In this paper, we obtain the exact solution for the two-dimensional creeping flow through a porous slit with linear absorption. The coupled partial differential equations are transformed into a single equation in terms of the stream function. The exact solutions for the velocity profile, the volume flow rate, the pressure, the pressure drop, the wall shear stress, the fractional absorption, and the leakage flux are explicitly obtained. An important observation is that the forward flow is possible only if the volume flow rate is larger than the absorption velocity throughout the slit, otherwise all the fluid will be absorbed, which is physiologically impossible. From this work, we also observe that:

(i) The profile of the longitudinal component of the velocity at different positions is parabolic, which has the maximum value at the center or the minimum at the walls. Meanwhile, the transverse component of the velocity has the maximum value near the walls and is zero at the center.

(ii) The volume flow rate, the pressure difference, the wall shear stress, and the leakage flux decrease along the downstream direction.

(iii) When the uniform absorption velocity approaches zero, the result for the Poiseuille flow is recovered.

(iv) The pressure drop, the fractional absorption, and the wall shear stress decrease with the increase in the uniform absorption velocity.

(v) The magnitude of the longitudinal velocity decreases with the increase in the uniform absorption velocity, while the magnitude of the transverse velocity increases at all positions in the slit.

(vi) The volume flow rate increases the longitudinal velocity component, but shows negligible effects on the transverse velocity component throughout the slit.

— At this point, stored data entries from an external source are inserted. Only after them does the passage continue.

(* Let $M,N$ be weight sequences satisfying $m_k^{1/k}\to\infty$ and $n_k^{1/k}\to\infty$. Assume that there exists $C\ge1$ such that $\mu_j/j\le C\nu_k/k$ for all $1\le j\le k$. Then for all $t>0$, $\overline{\Gamma}_n(Ct)\le\underline{\Gamma}_m(t)$.
   Context: A weight sequence is given by an increasing sequence $1=\mu_0\le\mu_1\le\mu_2\le\cdots$ via $M_k=\mu_0\mu_1\cdots\mu_k=k!\,m_k$, with $M_k^{1/k}\to\infty$; analogously $\nu\leftrightarrow N\leftrightarrow n$. For a positive sequence $m$ with $m_0=1$ and $m_k^{1/k}\to\infty$ define $h_m(t)=\inf_{k\in\mathbb{N}}m_kt^k$ ($t>0$), $\overline{\Gamma}_m(t)=\min\{k: h_m(t)=m_kt^k\}$, and, if $m_{k+1}/m_k\to\infty$, $\underline{\Gamma}_m(t)=\min\{k: m_{k+1}/m_k\ge 1/t\}$. (Under the hypotheses, $m_{k+1}/m_k=\mu_{k+1}/(k+1)\to\infty$, so these are well defined.) *)

From Stdlib Require Import Reals Lra Lia Arith Factorial Classical ClassicalEpsilon.
Open Scope R_scope.

Fixpoint Mseq (mu : nat -> R) (k : nat) : R :=
  match k with
  | O => mu O
  | S k' => Mseq mu k' * mu (S k')
  end.

Definition mseq (mu : nat -> R) (k : nat) : R := Mseq mu k / INR (fact k).

Definition root_to_infty (u : nat -> R) : Prop :=
  cv_infty (fun k => Rpower (u k) (/ INR k)).

Definition weight_sequence (mu : nat -> R) : Prop :=
  mu O = 1 /\ (forall k, mu k <= mu (S k)) /\ root_to_infty (Mseq mu).

Definition is_inf_seq (u : nat -> R) (l : R) : Prop :=
  (forall k, l <= u k) /\ (forall b, (forall k, b <= u k) -> b <= l).

Definition h_fun (m : nat -> R) (t : R) : R :=
  epsilon (inhabits 0) (fun l => is_inf_seq (fun k => m k * t ^ k) l).

Definition Gamma_bar (m : nat -> R) (t : R) : nat :=
  epsilon (inhabits O)
    (fun k => h_fun m t = m k * t ^ k /\
              (forall j, h_fun m t = m j * t ^ j -> (k <= j)%nat)).

Definition Gamma_under (m : nat -> R) (t : R) : nat :=
  epsilon (inhabits O)
    (fun k => m (S k) / m k >= / t /\
              (forall j, m (S j) / m j >= / t -> (k <= j)%nat)).

(* From the index k0 = Gamma_under m t on, the hypothesis gives
   nu_(i+1)/(i+1) * C t >= mu_(k0+1)/(k0+1) * t >= 1, so the sequence
   n_i (C t)^i is nondecreasing for i >= k0.  Its infimum is therefore a
   minimum attained among the indices 0..k0, and the least minimizer
   Gamma_bar n (C t) is at most k0. *)

From Stdlib Require Import Reals Lra Lia Arith Classical ClassicalEpsilon Factorial.
Open Scope R_scope.

Lemma least_witness (P : nat -> Prop) (n : nat) :
  P n -> exists m, P m /\ forall j, P j -> (m <= j)%nat.
Proof.
  revert P; induction n as [n IH] using lt_wf_ind; intros P Pn.
  destruct (classic (exists j, (j < n)%nat /\ P j)) as [[j [Hjn Pj]] | Hnone].
  - exact (IH j Hjn P Pj).
  - exists n; split; [exact Pn |].
    intros j Pj; destruct (Nat.lt_ge_cases j n) as [Hjn | Hnj]; [| exact Hnj].
    exfalso; apply Hnone; eauto.
Qed.

Lemma finite_argmin (a : nat -> R) (n : nat) :
  exists k, (k <= n)%nat /\ forall j, (j <= n)%nat -> a k <= a j.
Proof.
  induction n as [| n [k [Hkn Hmin]]].
  - exists O; split; [lia |]; intros j Hj; replace j with O by lia; lra.
  - destruct (Rle_or_lt (a k) (a (S n))) as [Hle | Hlt].
    + exists k; split; [lia |]; intros j Hj.
      destruct (Nat.eq_dec j (S n)) as [-> | Hne]; [exact Hle | apply Hmin; lia].
    + exists (S n); split; [lia |]; intros j Hj.
      destruct (Nat.eq_dec j (S n)) as [-> | Hne]; [lra |].
      specialize (Hmin j ltac:(lia)); lra.
Qed.

Lemma argmin_of_nondecreasing_from (a : nat -> R) (n : nat) :
  (forall i, (n <= i)%nat -> a i <= a (S i)) ->
  exists k, (k <= n)%nat /\ forall j, a k <= a j.
Proof.
  intros Hmono.
  assert (Htail : forall d, a n <= a (n + d)%nat).
  { induction d as [| d IHd]; [rewrite Nat.add_0_r; lra |].
    rewrite Nat.add_succ_r; specialize (Hmono (n + d)%nat ltac:(lia)); lra. }
  destruct (finite_argmin a n) as [k [Hkn Hmin]].
  exists k; split; [exact Hkn |]; intros j.
  destruct (Nat.le_gt_cases j n) as [Hjn | Hnj]; [exact (Hmin j Hjn) |].
  replace j with (n + (j - n))%nat by lia.
  specialize (Hmin n (le_n n)); specialize (Htail (j - n)%nat); lra.
Qed.

Lemma root_to_infty_gt_pow (u : nat -> R) (q : R) :
  root_to_infty u -> (forall k, 0 < u k) -> 0 < q -> exists k, q ^ k < u k.
Proof.
  intros Hroot Hpos Hq.
  destruct (Hroot q) as [N HN].
  set (k := Nat.max N 1); specialize (HN k ltac:(unfold k; lia)).
  assert (Hk : 0 < INR k) by (apply lt_0_INR; unfold k; lia).
  exists k; apply Rnot_le_lt; intros Hle.
  assert (Hroot_le : Rpower (u k) (/ INR k) <= Rpower (q ^ k) (/ INR k)).
  { apply Rle_Rpower_l; [left; apply Rinv_0_lt_compat, Hk | split; [apply Hpos | exact Hle]]. }
  rewrite <- Rpower_pow, Rpower_mult, Rinv_r, Rpower_1 in Hroot_le by lra.
  lra.
Qed.

Section WeightSequence.

Variable mu : nat -> R.
Hypothesis Hmu : weight_sequence mu.

Lemma weight_sequence_ge1 k : 1 <= mu k.
Proof.
  destruct Hmu as [H0 [Hmono _]].
  induction k as [| k IHk]; [lra | specialize (Hmono k); lra].
Qed.

Lemma Mseq_pos k : 0 < Mseq mu k.
Proof.
  induction k as [| k IHk]; simpl.
  - pose proof (weight_sequence_ge1 O); lra.
  - pose proof (weight_sequence_ge1 (S k)); nra.
Qed.

Lemma mseq_pos k : 0 < mseq mu k.
Proof.
  apply Rdiv_lt_0_compat; [apply Mseq_pos | apply lt_0_INR, lt_O_fact].
Qed.

Lemma mseq_S k : mseq mu (S k) = mseq mu k * (mu (S k) / INR (S k)).
Proof.
  unfold mseq; simpl Mseq.
  replace (fact (S k)) with (S k * fact k)%nat by reflexivity.
  rewrite mult_INR.
  assert (INR (fact k) <> 0) by (apply not_0_INR; pose proof (lt_O_fact k); lia).
  assert (INR (S k) <> 0) by (apply not_0_INR; lia).
  field; auto.
Qed.

Lemma mseq_ratio k : mseq mu (S k) / mseq mu k = mu (S k) / INR (S k).
Proof.
  rewrite mseq_S; pose proof (mseq_pos k).
  field; split; [apply not_0_INR; lia | lra].
Qed.

Lemma mseq_pow_le_succ (s : R) i :
  0 < s -> 1 <= mu (S i) / INR (S i) * s ->
  mseq mu i * s ^ i <= mseq mu (S i) * s ^ S i.
Proof.
  intros Hs Hfactor.
  rewrite mseq_S; simpl pow.
  assert (0 < mseq mu i * s ^ i) by (apply Rmult_lt_0_compat; [apply mseq_pos | apply pow_lt, Hs]).
  replace (mseq mu i * (mu (S i) / INR (S i)) * (s * s ^ i))
    with (mseq mu i * s ^ i * (mu (S i) / INR (S i) * s)) by ring.
  nra.
Qed.

(* Otherwise m_k <= t^-k for all k, contradicting m_k^(1/k) -> oo. *)
Lemma exists_ratio_ge_inv (t : R) :
  root_to_infty (mseq mu) -> 0 < t ->
  exists k, mseq mu (S k) / mseq mu k >= / t.
Proof.
  intros Hroot Ht; apply NNPP; intros Hnone.
  assert (Hsmall : forall k, mu (S k) / INR (S k) < / t).
  { intros k; rewrite <- mseq_ratio; apply Rnot_ge_lt; intros Hge; eauto. }
  assert (Hbound : forall k, mseq mu k <= (/ t) ^ k).
  { induction k as [| k IHk].
    - unfold mseq; simpl; destruct Hmu as [-> _]; lra.
    - rewrite mseq_S; simpl pow.
      assert (0 < mu (S k) / INR (S k)).
      { apply Rdiv_lt_0_compat; [pose proof (weight_sequence_ge1 (S k)); lra | apply lt_0_INR; lia]. }
      pose proof (mseq_pos k); specialize (Hsmall k).
      rewrite Rmult_comm; apply Rmult_le_compat; lra. }
  destruct (root_to_infty_gt_pow _ (/ t) Hroot mseq_pos ltac:(apply Rinv_0_lt_compat; lra))
    as [k Hk].
  specialize (Hbound k); lra.
Qed.

End WeightSequence.

Lemma Gamma_under_spec (m : nat -> R) (t : R) (k : nat) :
  m (S k) / m k >= / t ->
  m (S (Gamma_under m t)) / m (Gamma_under m t) >= / t.
Proof.
  intros Hk; unfold Gamma_under.
  match goal with |- context [epsilon ?i ?P] =>
    assert (HP : P (epsilon i P)) by (apply epsilon_spec; exact (least_witness _ k Hk)) end.
  apply HP.
Qed.

Lemma h_fun_argmin (m : nat -> R) (t : R) (k : nat) :
  (forall j, m k * t ^ k <= m j * t ^ j) -> h_fun m t = m k * t ^ k.
Proof.
  intros Hmin; unfold h_fun.
  match goal with |- epsilon ?i ?P = _ =>
    assert (HP : P (epsilon i P))
      by (apply epsilon_spec; exists (m k * t ^ k); split; [exact Hmin | intros b Hb; apply Hb]) end.
  destruct HP as [Hlow Hgreatest].
  apply Rle_antisym; [apply Hlow | apply Hgreatest, Hmin].
Qed.

Lemma Gamma_bar_le_argmin (m : nat -> R) (t : R) (k : nat) :
  (forall j, m k * t ^ k <= m j * t ^ j) -> (Gamma_bar m t <= k)%nat.
Proof.
  intros Hmin; pose proof (h_fun_argmin m t k Hmin) as Hh.
  unfold Gamma_bar.
  match goal with |- (epsilon ?i ?P <= _)%nat =>
    assert (HP : P (epsilon i P))
      by (apply epsilon_spec; exact (least_witness (fun j => h_fun m t = m j * t ^ j) k Hh)) end.
  destruct HP as [_ Hleast]; exact (Hleast k Hh).
Qed.

Theorem lemma3p3 (mu nu : nat -> R) (C : R) :
  weight_sequence mu -> weight_sequence nu ->
  root_to_infty (mseq mu) -> root_to_infty (mseq nu) ->
  1 <= C ->
  (forall j k : nat, (1 <= j)%nat -> (j <= k)%nat ->
     mu j / INR j <= C * (nu k / INR k)) ->
  forall t : R, 0 < t ->
    (Gamma_bar (mseq nu) (C * t) <= Gamma_under (mseq mu) t)%nat.
Proof.
  intros Hmu Hnu Hroot_mu _ HC Hcomp t Ht.
  set (k0 := Gamma_under (mseq mu) t).
  assert (Hk0 : mu (S k0) / INR (S k0) >= / t).
  { rewrite <- mseq_ratio by exact Hmu.
    destruct (exists_ratio_ge_inv mu Hmu t Hroot_mu Ht) as [k Hk].
    exact (Gamma_under_spec _ _ k Hk). }
  assert (Hmono : forall i, (k0 <= i)%nat ->
            mseq nu i * (C * t) ^ i <= mseq nu (S i) * (C * t) ^ S i).
  { intros i Hi; apply mseq_pow_le_succ; [exact Hnu | nra |].
    specialize (Hcomp (S k0) (S i) ltac:(lia) ltac:(lia)).
    apply Rmult_le_compat_r with (r := t) in Hcomp; [| lra].
    assert (/ t * t = 1) by (field; lra).
    nra. }
  destruct (argmin_of_nondecreasing_from _ k0 Hmono) as [k [Hk Hmin]].
  pose proof (Gamma_bar_le_argmin _ _ k Hmin); lia.
Qed.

(vii) The streamlines become straight as the absorption velocity approaches zero (simple Poiseuille flow).

(viii) The leakage flux and the fractional absorption increase with the increase in the absorp- tion parameter. The dialyzer efficiency increases if the protein adsorption at the walls decreases. Moreover, the metabolic waste can be removed from the blood by reducing the fouling (α → 0), and the treatment time during the dialysis can be reduced, which is significant physiologically.

Besides, we would like to point out here that our study is of theoretical nature and much more experimental and physiological works are needed to gain a complete insight into the flow phenomenon through renal tubule/artificial kidney.

Acknowledgements

The authors thank the reviewers for their valuable suggestions and comments.